U.S. concerned but constrained

In his hearing yesterday, Dempsey voiced concern over the role of Shiite militias in Tikrit battle and in Iraq at large. The U.S. army general told the Senate Foreign Relations Committee: “We are all concerned about what happens after the drums stop beating and ISIS is defeated, and whether the government of Iraq will remain on a path to provide an inclusive government for all of the various groups within it.”

Statements of concern and policy reviews aside, Washington’s hands are tied politically and militarily in countering Iranian influence in Iraq. Smyth explains that the U.S. by eying a “light military footprint in Iraq has set limits on its influence, and has little say of how and who should fight ISIS on the ground.” While the Obama administration is pursuing a parallel structure of Sunni trained “ National Guard” force to take on ISIS, neither the Iraqi government nor these tribes who have visited Washington recently promise a fast execution of such plan anytime soon.

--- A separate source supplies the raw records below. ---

Lemma wshift_s (a1 a2 a3 a4 a6 s : K) : wshift (WCoef a1 a2 a3 a4 a6) 0 s 0 =
  WCoef (a1 + 2%:R * s) (a2 - s * a1 - s ^+ 2) a3 (a4 - s * a3) a6.
Proof. by rewrite /wshift /=; congr WCoef; ring. Qed.

Lemma wb6_wshift_s w s : wb6 (wshift w 0 s 0) = wb6 w.
Proof. by case: w => *; rewrite wshift_s. Qed.

Lemma wb8_wshift_s w s : wb8 (wshift w 0 s 0) = wb8 w.
Proof. by case: w => *; rewrite wshift_s /wb8 /=; ring. Qed.

Lemma tate_A_shift (a1 a2 a3 a4 a6 : K) : integral (WCoef a1 a2 a3 a4 a6) ->
  tate_A v (WCoef a1 a2 a3 a4 a6) -> exists s,
  wbounds (1, 1, 1, 1, 1) (WCoef (a1 + 2%:R * s) (a2 - s * a1 - s ^+ 2) a3 (a4 - s * a3) a6).
Proof.
move=> [] /= h1 h2 h3 h4 h6 [] /= g3 g4 g6 gb.
have [s [hs hA1 hA2]] := complete_square_mod h1 h2 gb.
by exists s; split => //=; vsolve.
Qed.

Lemma normal_form_II_of_tate w : integral w -> tate_cond v KII w ->
  exists s, normal_form KII (wshift w 0 s 0).
Proof.
case: w => a1 a2 a3 a4 a6 hw [hA h6]; have [s hs] := tate_A_shift hw hA.
by exists s; rewrite wshift_s; split => //; apply: vexactP => //; case: hs.
Qed.

Lemma normal_form_III_of_tate w : integral w -> tate_cond v KIII w ->
  exists s, normal_form KIII (wshift w 0 s 0).
Proof.
move=> hw [hA h6 hb8]; move: hw hA h6 hb8.
case: w => a1 a2 a3 a4 a6 hw hA h6 hb8; have [s hs] := tate_A_shift hw hA.
exists s; rewrite -(wb8_wshift_s _ s) wshift_s in hb8 *.
split; first by case: hs.
apply: vexactP; first by case: hs.
by move=> h4; apply: hb8; apply: b8_of_bounds; case: hs => *; split.
Qed.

The U.S. increasingly finds its hands tied in Iraq, blindsided by an Iranian-Iraqi offensive in Tikrit and a lame duck government in Baghdad. In this context, the Tikrit battle will “greatly impede U.S. strategy” says Smyth in potentially alienating more Sunnis, and blocking a political path for an inclusive plan to fight ISIS. It was the political marginalization of Sunni Iraqis after all from the beginning of the Iraqi war in 2003 till today that set the stage for the notorious al-Qaeda affiliated groups and then ISIS. Absent of a strategy that addresses this Sunni marginalization and the political malignancy in Iraq, the ISIS phenomenon will unlikely disappear.

For now, Iran’s “Shadow Commander” Suleimani will relish in victorious moments in Tikrit and beyond, only few miles from where his former arch-foe Saddam Hussein is buried and with him the old order of Iraq.